Before turning to analyse the evidence, it is important to stress that what matters for present purposes is whether the arrangement of the magnetic coupling in the RCP (not precise details of the magnets, dimensions or tolerances etc) was made available to the public. Accordingly, the key question is whether Dr Dekker and his colleagues were free to disclose that information to others, or whether they were subject to an implied obligation to keep it confidential.

167.

Dr Dekker explained that, at the time, he was working on his PhD thesis under the supervision of Dr van der Veen. Dr van der Veen’s group had established a laboratory which was equipped to carry out studies of the effect of medical devices on heart function in animals such as those reported in Dekker and had established a reputation for carrying out such work.

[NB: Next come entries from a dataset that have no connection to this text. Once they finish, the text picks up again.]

(* Left of the root, [g] is negative while [g t' > - e^(m2 + a2 t')] tends to 0
   as [t'] goes to [-oo]. *)
Lemma expdiff_left_gt t : t < t0 -> exists2 t', t' < t & g t < g t'.
Proof.
move=> /expdiff_lt0_root; rewrite -oppr_gt0 => gt_lt0.
have [t' t't small] := expR_affine_lt m2 t a2_gt0 gt_lt0.
exists t' => //; move: small; rewrite /expdiff; have := expR_gt0 (m1 + a1 * t').
lra.
Qed.

Lemma expdiff_steeper_unbounded M : exists t, M < g t.
Proof.
apply: (expdiff_unbounded (t1 := t0 + 1)) => //; first exact: ltW.
by rewrite !mulrDr !mulr1 !addrA root_eq ltrD2l.
Qed.

End expdiff_steeper_first.

Section extrema.
Variable R : realType.

Lemma inf_eq_lbound (S : set R) x : S x -> lbound S x -> inf S = x.
Proof.
move=> Sx lbx; apply/le_anti/andP; split; first exact: ge_inf (ex_intro _ x lbx) _ Sx.
exact: lb_le_inf (ex_intro _ x Sx) lbx.
Qed.

Lemma ereal_sup_range_pinfty (T : Type) (g : T -> R) :
  (forall M, exists t, M < g t) -> ereal_sup (range (fun t => (g t)%:E)) = +oo%E.
Proof.
move=> unbounded; have gt_sup M : (M%:E < ereal_sup (range (fun t => (g t)%:E)))%E.
  have [t Mt] := unbounded M.
  apply: (@lt_le_trans _ _ (g t)%:E); first by rewrite lte_fin.
  by apply: ereal_sup_ubound; exists t.
case E : ereal_sup => [r| |] //; first by have := gt_sup r; rewrite E ltxx.
by have := gt_sup 0; rewrite E.
Qed.

Lemma yminN (G : R -> R) : ymin (fun u => - G u) = (- ymax G)%E.
Proof.
rewrite /ymin /ymax /ereal_inf image_comp; congr (- ereal_sup _)%E.
by apply: eq_imagel => u _ /=; rewrite opprK.
Qed.

Lemma ymaxN (G : R -> R) : ymax (fun u => - G u) = (- ymin G)%E.
Proof. by rewrite /ymin /ymax /ereal_inf image_comp oppeK. Qed.

Lemma nonincreasing_on01N (G : R -> R) :
  nonincreasing_on01 (fun u => - G u) <-> nondecreasing_on01 G.
Proof.
by split=> mono u v u_gt0 uv v_lt1; [rewrite -lerN2|rewrite lerN2]; apply: mono.
Qed.

Lemma noninc_tail_atN (G : R -> R) x :
  noninc_tail_at (fun u => - G u) x <-> nondec_tail_at G x.
Proof.
split=> -[x01 [below mono]]; (split; first exact: x01); split.
- by move=> y y_gt0 yx; rewrite -lerN2; apply: below.
- by move=> x1 x2 xx1 x12 x2_lt1; rewrite -lerN2; apply: mono.
- by move=> y y_gt0 yx; rewrite lerN2; apply: below.
- by move=> x1 x2 xx1 x12 x2_lt1; rewrite lerN2; apply: mono.
Qed.

Lemma noninc_tail_thresholdN (G : R -> R) :
  noninc_tail_threshold (fun u => - G u) = nondec_tail_threshold G.
Proof. by congr inf; apply/seteqP; split=> x /noninc_tail_atN. Qed.

Lemma hfunC (Finv : R -> R) m1 a1 m2 a2 :
  hfun Finv m1 a1 m2 a2 = (fun u => - hfun Finv m2 a2 m1 a1 u).
Proof. by apply/funext => u; rewrite /hfun opprB. Qed.

End extrema.

Section quantile.
Variables (R : realType) (F : R -> R).
Hypothesis F_incr : {homo F : x y / x < y}.
Local Notation Finv := (inv_cdf F).

Let F_le : {mono F : x y / x <= y}. Proof. exact: le_mono. Qed.
Let F_lt : {mono F : x y / x < y}. Proof. exact: leW_mono. Qed.

Lemma inv_cdfK : cancel F Finv.
Proof. by move=> t; apply: inf_eq_lbound => [|x] /=; rewrite ?F_le. Qed.

Hypothesis F_range : range F = `]0, 1[%classic.

Let F_onto u : 0 < u -> u < 1 -> exists t, F t = u.
Proof.
move=> u_gt0 u_lt1; have : `]0, 1[%classic u by rewrite /= in_itv /= u_gt0.
by rewrite -F_range => -[t _ Ftu]; exists t.
Qed.

Let F_gt0_lt1 t : 0 < F t < 1.
Proof. by have : `]0, 1[%classic (F t) by rewrite -F_range; exists t. Qed.

Let F_gt0 t : 0 < F t. Proof. by case/andP: (F_gt0_lt1 t). Qed.
Let F_lt1 t : F t < 1. Proof. by case/andP: (F_gt0_lt1 t). Qed.

Lemma ymin_inv_cdf (g : R -> R) :
  ymin (fun u => g (Finv u)) = ereal_inf (range (fun t => (g t)%:E)).
Proof.
rewrite /ymin -F_range; congr ereal_inf; rewrite image_comp.
by apply: eq_imagel => t _ /=; rewrite inv_cdfK.
Qed.

Lemma ymax_inv_cdf (g : R -> R) :
  ymax (fun u => g (Finv u)) = ereal_sup (range (fun t => (g t)%:E)).
Proof.
rewrite /ymax -F_range; congr ereal_sup; rewrite image_comp.
by apply: eq_imagel => t _ /=; rewrite inv_cdfK.
Qed.

Lemma nondecreasing_on01_inv_cdf (g : R -> R) :
  {homo g : x y / x <= y} -> nondecreasing_on01 (fun u => g (Finv u)).
Proof.
move=> g_le u v u_gt0 uv v_lt1.
have [x Fxu] := F_onto u_gt0 (le_lt_trans uv v_lt1).
have [y Fyv] := F_onto (lt_le_trans u_gt0 uv) v_lt1.
by subst u v; rewrite !inv_cdfK; apply: g_le; rewrite -F_le.
Qed.

Section tail.
Variables (g : R -> R) (t0 : R).
Hypotheses (g_left : forall x, x < t0 -> g x <= g t0)
           (g_right : forall x y, t0 <= x -> x <= y -> g x <= g y).

Lemma nondec_tail_at_inv_cdf : nondec_tail_at (fun u => g (Finv u)) (F t0).
Proof.
split; [exact: F_gt0_lt1|split].
- move=> u u_gt0 ut0; have [x Fxu] := F_onto u_gt0 (lt_trans ut0 (F_lt1 t0)).
  by subst u; rewrite !inv_cdfK; apply/g_left; rewrite -F_lt.
- move=> u v t0u uv v_lt1; have u_gt0 := lt_le_trans (F_gt0 t0) t0u.
  have [x Fxu] := F_onto u_gt0 (le_lt_trans uv v_lt1).
  have [y Fyv] := F_onto (lt_le_trans u_gt0 uv) v_lt1.
  by subst u v; rewrite !inv_cdfK; apply: g_right; rewrite -F_le.
Qed.

(* A tail starting at [F x] forces [g t <= g x] for every [t < x]. *)
Lemma nondec_tail_threshold_inv_cdf :
  (forall x, x < t0 -> exists2 t, t < x & g x < g t) ->
  nondec_tail_threshold (fun u => g (Finv u)) = F t0.
Proof.
move=> g_left_gt; apply: inf_eq_lbound => /=; first exact: nondec_tail_at_inv_cdf.
move=> u [/andP[u_gt0 u_lt1] [tail_left _]]; have [x Fxu] := F_onto u_gt0 u_lt1.
subst u; rewrite F_le leNgt; apply/negP => /g_left_gt[t tx gxt].
have := tail_left (F t) (F_gt0 t) (F_incr tx).
by rewrite !inv_cdfK leNgt gxt.
Qed.

End tail.

Lemma hfunE m1 a1 m2 a2 :
  hfun Finv m1 a1 m2 a2 = (fun u => expdiff m1 a1 m2 a2 (Finv u)).
Proof. by []. Qed.

Lemma hfun_eq_slopes_nondecreasing m1 m2 s : 0 < s -> m2 < m1 ->
  ymin (hfun Finv m1 s m2 s) = 0%E /\ ymax (hfun Finv m1 s m2 s) = +oo%E /\
  nondecreasing_on01 (hfun Finv m1 s m2 s).
Proof.
move=> s_gt0 m21; rewrite hfunE.
have g_gt0 t : 0 < expdiff m1 s m2 s t by rewrite expdiff_gt0 ltrD2r.
split; [|split].
- rewrite ymin_inv_cdf; apply/le_anti/andP; split; last first.
    by apply/ereal_infP => _ [t _ <-]; rewrite lee_fin ltW.
  apply/lee_addgt0Pr => e e_gt0; rewrite add0e.
  have [t _ small] := expR_affine_lt m1 0 s_gt0 e_gt0.
  apply: le_trans (ereal_inf_lbound _) _; first by exists t.
  rewrite lee_fin ltW // (lt_trans _ small) // /expdiff ltrBlDr ltrDl.
  exact: expR_gt0.
- rewrite ymax_inv_cdf; apply: ereal_sup_range_pinfty => M.
  by apply: (expdiff_unbounded (t1 := 0)); rewrite ?mulr0 ?addr0.
- apply: nondecreasing_on01_inv_cdf => x y xy; apply: expdiff_le => // c _.
  by rewrite lerD2r lerD2l ltW.
Qed.
Lemma mono0 : mono x [ffun=> 0%N] = 1.
Proof. by rewrite /mono big1 // => i _; rewrite ffunE expr0. Qed.

Lemma Rsub1 k : S k 1.
Proof. by rewrite -mono0; apply: Rsub_mono => i _; rewrite ffunE. Qed.

Lemma Rsub_le k k' a : (k <= k')%N -> S k a -> S k' a.
Proof.
move=> kk [s [H ->]]; exists s; split => // p ps i ki.
by apply: H => //; apply: leq_trans ki.
Qed.

Lemma Rsub0_scalar a : S 0 a -> exists c : K, a = c%:A.
Proof.
move=> [s [Hs ->]]; exists (\sum_(p <- s) p.1); rewrite scaler_suml big_seq [RHS]big_seq.
apply: eq_bigr => p ps; congr (_ *: _); rewrite /mono big1 // => i _.
by rewrite (Hs p ps i (leq0n _)) expr0.
Qed.

Definition set_exp (k : 'I_N) (e : nat) (a : {ffun 'I_N -> nat}) : {ffun 'I_N -> nat} :=
  [ffun i => if i == k then e else a i].

Lemma mono_set_exp (k : 'I_N) e (a : {ffun 'I_N -> nat}) :
  (forall i : 'I_N, (k <= i)%N -> a i = 0%N) ->
  mono x (set_exp k e a) = mono x a * x k ^+ e.
Proof.
move=> Ha; have a_gt (i : 'I_N) : (k < i)%N -> a i = 0%N by move/ltnW; apply: Ha.
have set_lt (i : 'I_N) : (i < k)%N -> set_exp k e a i = a i.
  by rewrite ffunE; case: eqP => // ->; rewrite ltnn.
have set_gt (i : 'I_N) : (k < i)%N -> set_exp k e a i = 0%N.
  by rewrite ffunE; case: eqP => [->|_]; [rewrite ltnn | apply: a_gt].
rewrite /mono !(big_ord_split_at _ _ k) /= ffunE eqxx Ha // expr0 mulr1.
rewrite [X in _ * X = _]big1 => [|i ki]; last by rewrite set_gt.
rewrite [X in _ = _ * X * _]big1 => [|i ki]; last by rewrite a_gt.
by rewrite !mulr1; congr (_ * _); apply: eq_bigr => i ik; rewrite set_lt.
Qed.

End RsubSpan.

Lemma sumZ_group (K : fieldType) (V : lmodType K) (A : eqType) (F : A -> V)
    (s : seq (K * A)) :
  \sum_(p <- s) p.1 *: F p.2 =
  \sum_(a <- undup (map snd s)) (\sum_(p <- s | p.2 == a) p.1) *: F a.
Proof.
have E a : (\sum_(p <- s | p.2 == a) p.1) *: F a =
    \sum_(p <- s) (if p.2 == a then p.1 *: F p.2 else 0).
  rewrite scaler_suml big_mkcond; apply: eq_bigr => p _.
  by case: eqP => [->|_]; rewrite ?scale0r.
under [RHS]eq_bigr => a _ do rewrite E.
rewrite exchange_big /= [LHS]big_seq [RHS]big_seq; apply: eq_bigr => p ps.
rewrite (bigD1_seq p.2) ?undup_uniq ?mem_undup ?map_f //= eqxx big1 ?addr0 // => a.
by rewrite eq_sym => /negbTE ->.
Qed.

Section PBW.
Variables (K : fieldType) (R : algType K) (N : nat) (x : 'I_N -> R).
Hypothesis pbw : pbw_basis x.

Lemma pbw_coef_eq0 (s : seq (K * {ffun 'I_N -> nat})) :
  \sum_(p <- s) p.1 *: mono x p.2 = 0 ->
  forall a, \sum_(p <- s | p.2 == a) p.1 = 0.
Proof.
rewrite sumZ_group => s0 a.
have [as_|] := boolP (a \in undup (map snd s)).
  exact: (pbw.2 _ (fun a => \sum_(p <- s | p.2 == a) p.1) (undup_uniq _) s0).
rewrite mem_undup => /mapP a_s; rewrite big_seq_cond big_pred0 // => p.
by apply/negbTE/andP => -[ps /eqP pa]; apply: a_s; exists p.
Qed.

As a result, Dr van der Veen was frequently approached by medical device companies who wanted studies to be carried out. The group’s general practice was to publish the results of their experiments in the scientific literature. In the case of the study of the RCP, this was not only intended to be published, but also to form part of Dr Dekker’s PhD thesis. It was academic work, and not a consultancy project. Thus the design of the study was carried out by the group, as well as the actual experiments. Prior to publication in Chest, the group presented a poster on the work at the European Society of Cardiology conference in Berlin in 2002. Since the results of the study were not very positive for the RCP, Dr Dekker believed that it was likely that someone had shown Dr Reitan or Jomed the results before publication; but he was not aware that either Dr Reitan or Jomed had ever objected to publication. Dr Dekker was very clear that he did not sign any confidentiality agreement, was not told that the work was confidential and did not consider that it was confidential.

168.

Dr Dekker’s evidence is supported by the contents of Dekker. While this acknowledges financial and technical support from Jomed, it contains details of the pump head, some information about the drive unit (which is slightly amplified by the reference to Reitan 2000) and details of the results of the experiments. This is hardly suggestive of confidentiality.

169.

Counsel for AIS relied upon Dr Dekker’s acceptance during cross-examination that he would have considered it wrong if a stranger had come into the lab and copied all the raw data from the experiments. I am not impressed with this point, for a number of reasons. First, Dr Dekker said that the reason for this was the information was “our property” i.e. the van der Veen group’s property, not Jomed’s or Dr Reitan’s. Secondly, and consistently with this, Dr Dekker went on to say that he would have felt free to hand the data to someone else if he thought they would make better use of it. Thirdly, I understood Dr Dekker’s answer to relate to the position prior to the publication of the paper, not afterwards. Fourthly, even if the data from the experiments was confidential, it does not necessarily follow that the arrangement of the magnetic couplings was. (I should add that, of course, even if the data from the experiments was not confidential, it does not necessarily follow that the arrangement of the magnetic couplings was not.)

170.

Counsel for AIS also relied upon Dr Dekker’s evidence that, nowadays, it is common practice to include express provisions in the agreements covering such studies allowing a window of time for the sponsor to apply for patent protection if they wished. Again I am not impressed with this point, for a number of reasons. First, Dr

Dekker was clear that, in this respect, practice had changed since 2001-2002. Secondly, Dr Dekker was also clear that, where such provisions were included, anything which was not expressly designated confidential was not confidential and that the same applied in the absence of such provisions. Thirdly, it is commonplace for information to be confidential for a limited period of time although intended to be, and in fact, made public later. Examples include stock market announcements and draft judgments of English courts. Once made public, the information ceases to be confidential. Fourthly, again this is about the results of the experiments, not the arrangement of the magnetic coupling.

171.

Turning to the hearsay evidence of Dr Reitan, the relevant part of the attendance note reads as follows:

“[Dr Reitan] indicated that Jomed was not hiding anything about the product in 2001. In fact they had already patented everything they thought was inventive (he did not think that was the case with the drive unit) and that they were really trying to generate interest in the product.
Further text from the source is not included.